Today, a stroll through the city gives the impression of being on a film set. Nearly 40 percent of the city's buildings are empty. The local tourism office has affectionately adopted the nickname, "Görliwood."

Though spared by Allied bombers in World War II, Görlitz's buildings crumbled under Communism and in post-reunification years, industry here collapsed and unemployment skyrocketed.

The German government has spent billions of euros sprucing up the city's 16th century buildings and those in outlying areas to their pre-war glory, hoping to give the local economy a much-needed shot in the arm.

The ceiling of the department store in Görlitz that was featured in Grand Budapest Hotel Copyright: DW/M. Scaturro
The department store's ceiling is truly magnificentImage: DW/M. Scaturro

And though the subsidies have not paid off in terms of job creation, they have attracted Hollywood. And when asked what the city needs to get back on its feet, locals are convinced that reopening the main department store is the key to an economic revival.

Call it an "if you build it, they will come" mentality.

“My greatest wish is for the department store to reopen,” said Barbara Frühauf, who owns the Frühhauf butcher shop on Damienplatz, next door to the department store. “We are here in the middle of a city. When the store is closed, the city loses its pulse.”

'Grand Budapest Hotel' founded by German-Jewish merchants

The gigantic, Art Nouveau department store was built to resemble another shopping center that once stood in Berlin. The Görlitz iteration was founded by German-Jewish merchants in 1913 and integrated into the Karstadt department store chain in the 1920s.
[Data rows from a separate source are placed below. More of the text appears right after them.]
(* Let $P$ be a $k\times k$ permutation matrix and let $m$ and $n$ be relatively prime positive integers. Then there are diagonal integer matrices $D_1$ and $D_2$ of size $k\times k$ satisfying $\gcd(\det(D_1), m) = 1$, $\gcd(\det(D_2), n) = 1$, and $\det(nD_1 + mD_2P) = 1$. *)

From mathcomp Require Import all_boot all_order all_algebra all_fingroup.
Set Implicit Arguments.
Unset Strict Implicit.
Unset Printing Implicit Defensive.

From mathcomp Require Import all_boot all_order all_algebra all_fingroup.
Import GRing.Theory Num.Theory.
Local Open Scope ring_scope.

(* Write the matrix as D_x + D_y P_s.  A permutation t contributes to its
   Leibniz expansion only if t j is j or s j for every j, and on each cycle C
   of s such a t is either the identity or s itself, so the determinant is
   the product over the cycles of prod_C x + (-1)^(|C|-1) prod_C y.  Take
   x = n a and y = m b with a, b equal to 1 except at one point of each
   cycle C, of length L; there the factor becomes n^L u +- m^L v, and Bezout
   for the coprime n^L and m^L makes it 1 with u prime to m and v prime to n. *)

Section PermOrbits.

Context {T : finType}.
Implicit Types (s : {perm T}) (C S : {set T}) (i j : T).

Lemma porbit_fclosed s i : fclosed s (porbit s i).
Proof.
move=> j _ /eqP <-; rewrite -!eq_porbit_mem.
by have := porbit_perm s 1 j; rewrite expg1 => ->.
Qed.

Lemma fclosed_perm {s C} : fclosed s C -> forall j, (s j \in C) = (j \in C).
Proof. by move=> clC j; rewrite (clC j (s j)) //=. Qed.

Lemma fclosed_iter {s C} : fclosed s C -> forall n j, ((s ^+ n)%g j \in C) = (j \in C).
Proof.
move=> clC n j; elim: n => [|n IHn]; first by rewrite expg0 perm1.
by rewrite expgSr permM (fclosed_perm clC).
Qed.

Lemma porbit_subset {s C i} : fclosed s C -> i \in C -> porbit s i \subset C.
Proof. by move=> clC iC; apply/subsetP => j /porbitP[n ->]; rewrite (fclosed_iter clC). Qed.

Lemma fclosedD {s C S} : fclosed s C -> fclosed s S -> fclosed s (S :\: C).
Proof. by move=> clC clS j _ /eqP <-; rewrite !inE (fclosed_perm clC) (fclosed_perm clS). Qed.

Lemma card_porbit_gt0 s i : (0 < #|porbit s i|)%N.
Proof. by rewrite lt0n card_porbit_neq0. Qed.

Lemma porbit_fixed {s i} : s i = i -> porbit s i = [set i].
Proof.
move=> si; apply/setP => j; rewrite inE.
by apply/porbitP/eqP => [[n ->]|->]; [rewrite permX_fix | exists 0%N; rewrite perm1].
Qed.

Lemma porbit_moved {s i j} : s i != i -> j \in porbit s i -> s j != j.
Proof.
move=> si; rewrite -eq_porbit_mem => /eqP eq_ji; apply: contraNneq si => sj.
by move: (porbit_id s i); rewrite -eq_ji (porbit_fixed sj) inE => /eqP ->; rewrite sj.
Qed.

Lemma porbit_disjoint s i j :
  (porbit s i != porbit s j) = [disjoint porbit s i & porbit s j].
Proof.
apply/idP/idP => [neq_ij | dis_ij].
  apply/pred0P => l /=; apply: contraNF neq_ij => /andP[li lj].
  have eq_li : porbit s l = porbit s i by apply/eqP; rewrite eq_porbit_mem.
  by rewrite -eq_li eq_porbit_mem.
apply: contraTneq dis_ij => ->; rewrite -setI_eq0 setIid.
by apply/set0Pn; exists j; apply: porbit_id.
Qed.

Section RestrictPerm.

Context {s : {perm T}} {C : {set T}}.
Hypothesis clC : fclosed s C.

Lemma restrict_perm_inj : injective (fun j => if j \in C then s j else j).
Proof.
move=> j l /=; case jC: (j \in C); case lC: (l \in C) => //; first exact: perm_inj.
  by move=> eq_jl; rewrite -eq_jl (fclosed_perm clC) jC in lC.
by move=> eq_jl; rewrite eq_jl (fclosed_perm clC) lC in jC.
Qed.

Definition restrict_perm := perm restrict_perm_inj.

Lemma restrict_permE j : restrict_perm j = if j \in C then s j else j.
Proof. by rewrite permE. Qed.

Lemma restrict_permX n j : j \in C -> (restrict_perm ^+ n)%g j = (s ^+ n)%g j.
Proof.
move=> jC; elim: n => [|n IHn]; first by rewrite !expg0.
by rewrite !expgSr !permM IHn restrict_permE (fclosed_iter clC) jC.
Qed.

Lemma porbit_restrict_perm j :
  porbit restrict_perm j = if j \in C then porbit s j else [set j].
Proof.
case: ifP => jC; last by apply: porbit_fixed; rewrite restrict_permE jC.
by apply/setP => l; apply/porbitP/porbitP => -[n ->]; exists n; rewrite restrict_permX.
Qed.

End RestrictPerm.

Lemma porbits_restrict_porbit s i :
  porbits (restrict_perm (porbit_fclosed s i)) =
  porbit s i |: [set [set j] | j in ~: porbit s i].
Proof.
apply/setP => X; rewrite !inE; apply/imsetP/orP => [[j _ ->] | [/eqP -> | ]].
- rewrite porbit_restrict_perm; case: ifP => jC; first by rewrite eq_porbit_mem jC; left.
  by right; apply/imsetP; exists j; rewrite // inE jC.
- by exists i; rewrite // porbit_restrict_perm porbit_id.
case/imsetP => j; rewrite inE => /negPf jC ->.
by exists j; rewrite // porbit_restrict_perm jC.
Qed.

Lemma odd_restrict_porbit s i :
  odd_perm (restrict_perm (porbit_fclosed s i)) = odd #|porbit s i|.-1.
Proof.
set C := porbit s i.
have C_single : C \notin [set [set j] | j in ~: C].
  apply/imsetP => -[j]; rewrite inE => /negP jC eq_C; apply: jC.
  by rewrite eq_C set11.
rewrite /odd_perm porbits_restrict_porbit cardsU1 C_single card_imset; last exact: set1_inj.
rewrite -(cardsC C) oddD /=.
by case: #|C| (card_porbit_neq0 s i) => //= L _; case: (odd L); case: (odd _).
Qed.

Lemma perm_supported_porbit s i (t : {perm T}) :
  (forall j, if j \in porbit s i then (t j == j) || (t j == s j) else t j == j) ->
  t = 1%g \/ t = restrict_perm (porbit_fclosed s i).
Proof.
move=> supp_t; have clC := porbit_fclosed s i.
have [-> | t1] := eqVneq t 1%g; [by left | right].
have [j0 moved_j0] : exists j0, t j0 != j0.
  apply/existsP; apply: contraR t1 => /existsPn fix_t.
  by apply/eqP/permP => j; rewrite perm1; apply/eqP/negPn.
have j0C : j0 \in porbit s i.
  by apply: contraR moved_j0 => /negPf j0C; have := supp_t j0; rewrite j0C.
have t_follows_s n : t ((s ^+ n)%g j0) = s ((s ^+ n)%g j0).
  elim: n => [|n IHn].
    by have := supp_t j0; rewrite j0C perm1 (negPf moved_j0) => /eqP.
  rewrite expgSr permM; set z := (s ^+ n)%g j0 in IHn *.
  have := supp_t (s z); rewrite (fclosed_perm clC) (fclosed_iter clC) j0C.
  case/orP => /eqP // tsz.
  have sz : s z = z by apply: (@perm_inj _ t); rewrite tsz IHn.
  by rewrite tsz {2}sz.
apply/permP => j; rewrite restrict_permE; case: ifP => jC.
  have eq_j0 : porbit s j0 = porbit s i by apply/eqP; rewrite eq_porbit_mem.
  by have /porbitP[n ->] : j \in porbit s j0 by rewrite eq_j0.
by have := supp_t j; rewrite jC => /eqP.
Qed.

End PermOrbits.

Section DiagPermMx.

Context {R : comPzRingType} {k : nat}.
Variables (s : 'S_k) (x y : 'I_k -> R).
Implicit Types (C S : {set 'I_k}).

(* Rows outside S are those of the identity, so the matrix splits as a
   product along s-stable pieces of S. *)
Definition diag_perm_mx S : 'M[R]_k :=
  \matrix_(i, j) if i \in S then x i * (i == j)%:R + y i * (s i == j)%:R
                 else (i == j)%:R.

Definition cycle_det C := \prod_(j in C) x j + (-1) ^+ #|C|.-1 * \prod_(j in C) y j.

Lemma diag_perm_mx0 : diag_perm_mx set0 = 1%:M.
Proof. by apply/matrixP => i j; rewrite !mxE inE. Qed.

Lemma diag_perm_mxD {C S} : fclosed s C -> C \subset S ->
  diag_perm_mx S = diag_perm_mx C *m diag_perm_mx (S :\: C).
Proof.
move=> clC sCS; apply/matrixP => i j; have [iC | iNC] := boolP (i \in C).
  transitivity (diag_perm_mx C i j); first by rewrite !mxE iC (subsetP sCS).
  rewrite -{1}(mulmx1 (diag_perm_mx C)) !mxE; apply: eq_bigr => l _.
  rewrite !mxE inE; have [lC | lNC] := boolP (l \in C); first by [].
  have /negPf -> : i != l by apply: contraNneq lNC => <-.
  have /negPf -> : s i != l by apply: contraNneq lNC => <-; rewrite (fclosed_perm clC).
  by rewrite iC !mulr0 addr0 !mul0r.
transitivity (diag_perm_mx (S :\: C) i j); first by rewrite !mxE inE iNC.
rewrite -{1}(mul1mx (diag_perm_mx (S :\: C))) !mxE; apply: eq_bigr => l _.
by rewrite [1%:M i l]mxE [diag_perm_mx C i l]mxE (negPf iNC).
Qed.

Lemma det_diag_perm_porbit i :
  \det (diag_perm_mx (porbit s i)) = cycle_det (porbit s i).
Proof.
set C := porbit s i; set A := diag_perm_mx C; set sC := restrict_perm (porbit_fclosed s i).
have term0 t : t != 1%g -> t != sC -> (-1) ^+ t * \prod_j A j (t j) = 0.
  move=> t1 tsC; have /forallPn[j] :
      ~~ [forall j, if j \in C then (t j == j) || (t j == s j) else t j == j].
    by apply/forallP => /perm_supported_porbit[]; apply/eqP.
  rewrite (bigD1 j) //= mxE ![t j == _]eq_sym.
  by case: (j \in C) => [/norP[/negPf-> /negPf->] | /negPf->]; rewrite ?mulr0 ?addr0 mul0r mulr0.
rewrite /determinant (bigD1 1%g) //= odd_perm1 mul1r.
have [si | si] := eqVneq (s i) i.
  have eqC : C = [set i] by apply: porbit_fixed.
  have sC1 : sC = 1%g.
    by apply/permP => j; rewrite restrict_permE perm1 -/C eqC inE; case: eqP => // ->.
  rewrite [X in _ + X]big1 ?addr0 => [|t t1]; last by rewrite term0 // sC1.
  rewrite /cycle_det eqC cards1 !big_set1 mul1r (bigD1 i) //= big1 ?mulr1.
    by rewrite mxE perm1 eqC inE eqxx si eqxx !mulr1.
  by move=> j ji; rewrite mxE perm1 eqC inE (negPf ji) eqxx.
have sC1 : sC != 1%g.
  by apply: contraNneq si => /permP/(_ i); rewrite restrict_permE porbit_id perm1 => ->.
rewrite (bigD1 sC) //= [X in _ + (_ + X)]big1 ?addr0 => [|t /andP[t1 tsC]]; last exact: term0.
rewrite /cycle_det odd_restrict_porbit signr_odd; congr (_ + _ * _).
  rewrite [in RHS]big_mkcond; apply: eq_bigr => j _; rewrite mxE perm1 eqxx.
  by case: ifP => // jC; rewrite (negPf (porbit_moved si jC)) mulr0 addr0 mulr1.
rewrite [in RHS]big_mkcond; apply: eq_bigr => j _; rewrite mxE restrict_permE -/C.
have [jC | _] := boolP (j \in C); last by rewrite eqxx.
by rewrite eqxx eq_sym (negPf (porbit_moved si jC)) mulr0 add0r mulr1.
Qed.

Lemma det_diag_perm_mx S : fclosed s S ->
  \det (diag_perm_mx S) = \prod_(C in porbits s | C \subset S) cycle_det C.
Proof.
elim: {S}_.+1 {-2}S (ltnSn #|S|) => // c IHc S leSc clS.
have [-> | [i iS]] := set_0Vmem S.
  rewrite diag_perm_mx0 det1 big1 // => _ /andP[/imsetP[j _ ->]].
  by move/subsetP/(_ j (porbit_id s j)); rewrite inE.
set C := porbit s i; have clC : fclosed s C := porbit_fclosed s i.
have sCS : C \subset S := porbit_subset clS iS.
rewrite (diag_perm_mxD clC sCS) det_mulmx det_diag_perm_porbit IHc; first last.
- exact: fclosedD.
- rewrite cardsDS // -ltnS (leq_trans _ leSc) // ltnS ltn_subrL.
  by rewrite !card_gt0; apply/andP; split; apply/set0Pn; exists i; rewrite ?porbit_id.
rewrite [RHS](bigD1 C) /=; last by rewrite imset_f.
congr (_ * _); apply: eq_bigl => D; rewrite subsetD -andbA.
have [/imsetP[j _ ->] | //] := boolP (D \in porbits s).
by rewrite -porbit_disjoint andbC.
Qed.

End DiagPermMx.

Section PorbitMark.

Context {T : finType} {R : comPzSemiRingType}.
Variables (s : {perm T}) (F : {set T} -> R).

Definition porbit_head (j : T) := odflt j [pick l in porbit s j].

Lemma porbit_head_mem j : porbit_head j \in porbit s j.
Proof. by rewrite /porbit_head; case: pickP => [l -> // | /(_ j)]; rewrite porbit_id. Qed.

Lemma porbit_headE {i j} : j \in porbit s i -> porbit_head j = porbit_head i.
Proof.
rewrite -eq_porbit_mem => /eqP eq_ji; rewrite /porbit_head eq_ji.
by case: pickP => // /(_ i); rewrite porbit_id.
Qed.

Definition porbit_mark j := if j == porbit_head j then F (porbit s j) else 1.

Lemma prod_porbit_mark i : \prod_(j in porbit s i) porbit_mark j = F (porbit s i).
Proof.
rewrite -big_mkcondr (big_pred1 (porbit_head i)) => [|j /=].
  by congr F; apply/eqP; rewrite eq_porbit_mem porbit_head_mem.
have [ji | jNi] := boolP (j \in porbit s i); first by rewrite (porbit_headE ji).
by apply/esym; apply: contraNF jNi => /eqP ->; apply: porbit_head_mem.
Qed.

Lemma porbit_mark_ind (P : R -> Prop) j :
  P 1 -> (forall i, P (F (porbit s i))) -> P (porbit_mark j).
Proof. by move=> P1 PF; rewrite /porbit_mark; case: ifP. Qed.

End PorbitMark.

Lemma coprime1z (m : int) : coprimez 1 m.
Proof. by rewrite /coprimez gcd1z. Qed.

Lemma egcdz_coprime (a b : int) : coprimez a b ->
  [/\ (egcdz a b).1 * a + (egcdz a b).2 * b = 1,
      coprimez (egcdz a b).1 b & coprimez (egcdz a b).2 a].
Proof.
move=> cop_ab; case: egcdzP => u v /= Buv _; rewrite (eqP cop_ab) in Buv.
by split=> //; apply/coprimezP; [exists (a, v) | exists (b, u)]; rewrite /= -Buv mulrC // addrC.
Qed.

Lemma coprimez_prodl (I : finType) (P : pred I) (F : I -> int) (m : int) :
  (forall i, P i -> coprimez (F i) m) -> coprimez (\prod_(i | P i) F i) m.
Proof.
move=> copF; apply: (big_ind (fun z => coprimez z m)) => //; first exact: coprime1z.
by move=> u v cu cv; rewrite coprimezMl cu.
Qed.

Lemma egcdz_pow_coprime {m n L : nat} : coprime m n -> (0 < L)%N ->
  let uv := egcdz (n%:Z ^+ L) (m%:Z ^+ L) in
  [/\ uv.1 * n%:Z ^+ L + uv.2 * m%:Z ^+ L = 1, coprimez uv.1 m & coprimez uv.2 n].
Proof.
move=> cop_mn L_gt0 /=; rewrite -(coprimez_pexpr _ m%:Z L_gt0) -(coprimez_pexpr _ n%:Z L_gt0).
by apply: egcdz_coprime; apply/coprimezXl/coprimezXr; rewrite coprimezE /= coprime_sym.
Qed.

Lemma coprimez_signl (e : nat) (a b : int) : coprimez ((-1) ^+ e * a) b = coprimez a b.
Proof. by rewrite -signr_odd; case: odd; rewrite ?expr1 ?expr0 ?mulN1r ?mul1r ?coprimeNz. Qed.

Theorem lemma3p5 (k : nat) (s : 'S_k) (m n : nat)
    (hm : (0 < m)%N) (hn : (0 < n)%N) (hmn : coprime m n) :
  exists d1 d2 : 'rV[int]_k,
    [/\ gcdz (\det (diag_mx d1)) m%:Z = 1,
        gcdz (\det (diag_mx d2)) n%:Z = 1 &
        \det (n%:Z *: diag_mx d1 + m%:Z *: (diag_mx d2 *m perm_mx s)) = 1].
Proof.
pose bez L := egcdz (n%:Z ^+ L) (m%:Z ^+ L).
have bezP i := egcdz_pow_coprime hmn (card_porbit_gt0 s i).
pose a := porbit_mark s (fun C => (bez #|C|).1).
(* The sign in [b] cancels the sign of the cycle in [cycle_det]. *)
pose b := porbit_mark s (fun C => (-1) ^+ #|C|.-1 * (bez #|C|).2).
exists (\row_j a j), (\row_j b j); split.
- apply/eqP; rewrite det_diag; apply: coprimez_prodl => j _; rewrite mxE.
  apply: (porbit_mark_ind _ _ (fun z => coprimez z _)) => [|i]; first exact: coprime1z.
  by have [] := bezP i.
- apply/eqP; rewrite det_diag; apply: coprimez_prodl => j _; rewrite mxE.
  apply: (porbit_mark_ind _ _ (fun z => coprimez z _)) => [|i]; first exact: coprime1z.
  by rewrite coprimez_signl; have [] := bezP i.
rewrite (_ : _ + _ = diag_perm_mx s (fun j => n%:Z * a j) (fun j => m%:Z * b j) setT).
  rewrite det_diag_perm_mx => [|j l _]; last by rewrite !inE.
  apply: big1 => C /andP[/imsetP[i _ ->] _].
  rewrite /cycle_det !big_split !prodr_const /= !prod_porbit_mark mulrCA signrMK.
  by have [Bez _ _] := bezP i; rewrite !(mulrC (_ ^+ _)).
apply/matrixP => i j; rewrite mul_diag_mx !mxE inE /=.
by case: (i == j); case: (s i == j); rewrite /= ?mulr0 ?mulr1 ?addr0 ?add0r.
Qed.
During the Nazis' "aryanization" program of Jewish-owned commerce, Karstadt's German-Jewish owners, employees and management were all removed. The store reopened after the war, toddled along during communism in East Germany before closing in 2008.

Global politics have affected life in sleepy Görlitz for decades and, it seems, continue to polarize the 55,000-strong city today.
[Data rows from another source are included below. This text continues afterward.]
(* Let $n\ge 8$ and let $\widetilde\Delta_n$ be the connected component of $\widetilde P_0(S_n)$ containing $[(1\,2)]$. Then every vertex $[\psi]$ of $\widetilde P_0(S_n)$ lies in $\widetilde\Delta_n$, except possibly those for which $o(\psi)$ is a prime $p$ with $p\ge n-1$.
   Context: $\widetilde P_0(S_n)$: vertex set $\{[x]:x\in S_n\setminus\{\mathrm{id}\}\}$ with $[x]=\{y:\langle y\rangle=\langle x\rangle\}$, distinct $[x],[y]$ adjacent iff some representatives are one a positive power of the other. *)

From HB Require Import structures.
From mathcomp Require Import all_boot all_order all_fingroup.
From Stdlib Require Import Relation_Operators.
Set Implicit Arguments. Unset Strict Implicit. Unset Printing Implicit Defensive.
Local Open Scope group_scope.

Definition qclass (gT : finGroupType) (x : gT) : {set gT} :=
  [set y | <[y]> == <[x]>].

Definition qvertex (gT : finGroupType) (C : {set gT}) : Prop :=
  exists x : gT, x != 1 /\ C = qclass x.

Definition qadj (gT : finGroupType) (C D : {set gT}) : Prop :=
  [/\ qvertex C, qvertex D, C <> D &
   exists x y : gT, [/\ x \in C, y \in D &
     exists k : nat, (0 < k)%N /\ (x = y ^+ k \/ y = x ^+ k)]].

Definition qconnected (gT : finGroupType) (C D : {set gT}) : Prop :=
  clos_refl_trans _ (@qadj gT) C D.

From HB Require Import structures.
From mathcomp Require Import all_boot all_order all_fingroup.
From mathcomp Require Import all_solvable zify.
From Stdlib Require Import Relation_Operators.
Set Implicit Arguments. Unset Strict Implicit. Unset Printing Implicit Defensive.
Local Open Scope group_scope.

(* Let q be a prime divisor of o(psi); the power u of psi of order q is adjacent
   to psi.  Commuting nontrivial elements of coprime orders are connected, both
   being powers of their product.  So if q <= n - 2, u is linked to a
   transposition through commuting elements of coprime orders built from its
   fixed points (a transposition or a 3-cycle on them) or from its q-cycles (an
   involution swapping two of them, an element of order 3 rotating three
   2-cycles).  If q >= n - 1, u is a q-cycle, whose centraliser in S_n is <[u]>,
   so psi is a power of u and o(psi) = q. *)

Section QuotientPowerGraph.

Variable gT : finGroupType.
Implicit Types x y z : gT.

Definition qconn x y := qconnected (qclass x) (qclass y).

Lemma qadj_sym (C D : {set gT}) : qadj C D -> qadj D C.
Proof.
case=> vC vD CD [x [y [xC yD [k [k_gt0 xy]]]]]; split=> //; first by move/esym.
by exists y, x; split=> //; exists k; split=> //; case: xy; [right | left].
Qed.

Lemma qconn_sym x y : qconn x y -> qconn y x.
Proof.
rewrite /qconn /qconnected.
elim=> [C D CD | C | C D E _ CD _ DE].
- exact/rt_step/qadj_sym.
- exact: rt_refl.
- exact: rt_trans DE CD.
Qed.

Lemma qconn_trans y x z : qconn x y -> qconn y z -> qconn x z.
Proof. exact: rt_trans. Qed.

Lemma qconn_expg x k : x ^+ k != 1 -> qconn x (x ^+ k).
Proof.
move=> xk1; rewrite /qconn.
have [-> | neq] := eqVneq (qclass x) (qclass (x ^+ k)); first exact: rt_refl.
have x1 : x != 1 by apply: contraNneq xk1 => ->; rewrite expg1n.
apply: rt_step; split; [by exists x | by exists (x ^+ k) | exact/eqP |].
exists x, (x ^+ k); split; rewrite ?inE //; exists k; split; last by right.
by case: k xk1 {neq} => //; rewrite expg0 eqxx.
Qed.

Lemma qconn_common_power x y k l : x ^+ k = y ^+ l -> x ^+ k != 1 -> qconn x y.
Proof.
move=> xy xk1; apply: qconn_trans (qconn_expg xk1) _.
by rewrite xy in xk1 *; apply/qconn_sym/qconn_expg.
Qed.

Lemma qconn_coprime x z :
  commute x z -> coprime #[x] #[z] -> x != 1 -> z != 1 -> qconn x z.
Proof.
move=> cxz co x1 z1.
have nt_power y w : coprime #[y] #[w] -> y != 1 -> y ^+ #[w] != 1.
  move=> co_yw y1; apply: contra y1; rewrite -order_dvdn -order_eq1 => yw.
  by move: co_yw; rewrite coprime_sym => /(coprime_dvdl yw); rewrite /coprime gcdnn.
apply: (@qconn_trans (x * z)).
  apply: (@qconn_common_power _ _ #[z] #[z]); last exact: nt_power.
  by rewrite expgMn // expg_order mulg1.
apply: qconn_sym; apply: (@qconn_common_power _ _ #[x] #[x]).
  by rewrite expgMn // expg_order mul1g.
by apply: nt_power; rewrite // coprime_sym.
Qed.

End QuotientPowerGraph.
Since so many buildings in Görlitz are empty, the federal government asked the city to accept 250 refugees from Libya and Syria. Stöcker, among others, has lashed out at those plans.

The entrepreneur's statements, at times racially charged, have drawn the ire of German media, regional politicians and even the evangelical church. But elsewhere, they have garnered support.

A regional branch of Germany's far-right National Democratic Party, widely regarded as being made up of neo-Nazis, named Stöcker its "Entrepreneur of the Year" after his interview with the Sächsische Zeitung newspaper.

Shortly thereafter, Stöcker was sued by the Central Committee of the African Community in Germany.

"We filed charges against Mr. Stöcker because he defamed an entire group of people," said Muktar Kamara, who heads the committee. "He also said that we are beggars. We are not beggars. We work and pay taxes like everyone else. He has insulted the entire continent of Africa."

Kamara said his group has contacted African diplomatic missions in Berlin and is working with them to have Stöcker declared persona non grata in several African nations. Meanwhile, the University of Lübeck, where Stöcker holds an honorary title, has condemned his views and has asked him to return the honorary degree.

Stöcker said he wasn't bothered by the controversy some of his utterances have unleashed and vowed to move ahead with plans to open his department store by 2016.

Thomas Baum, a Social Democrat in the Saxony regional government, worries the negative attention that Stöcker has drawn to Görlitz could scare off international investment that the regional desperately needs.

But Baum also said such anti-immigrant views were not uncommon in the region.

"It's extremely sad to see how being anti-foreigner has become a mainstream view in Saxony," Baum said. "It's an incorrect view, but one that has prevailed for years in this region."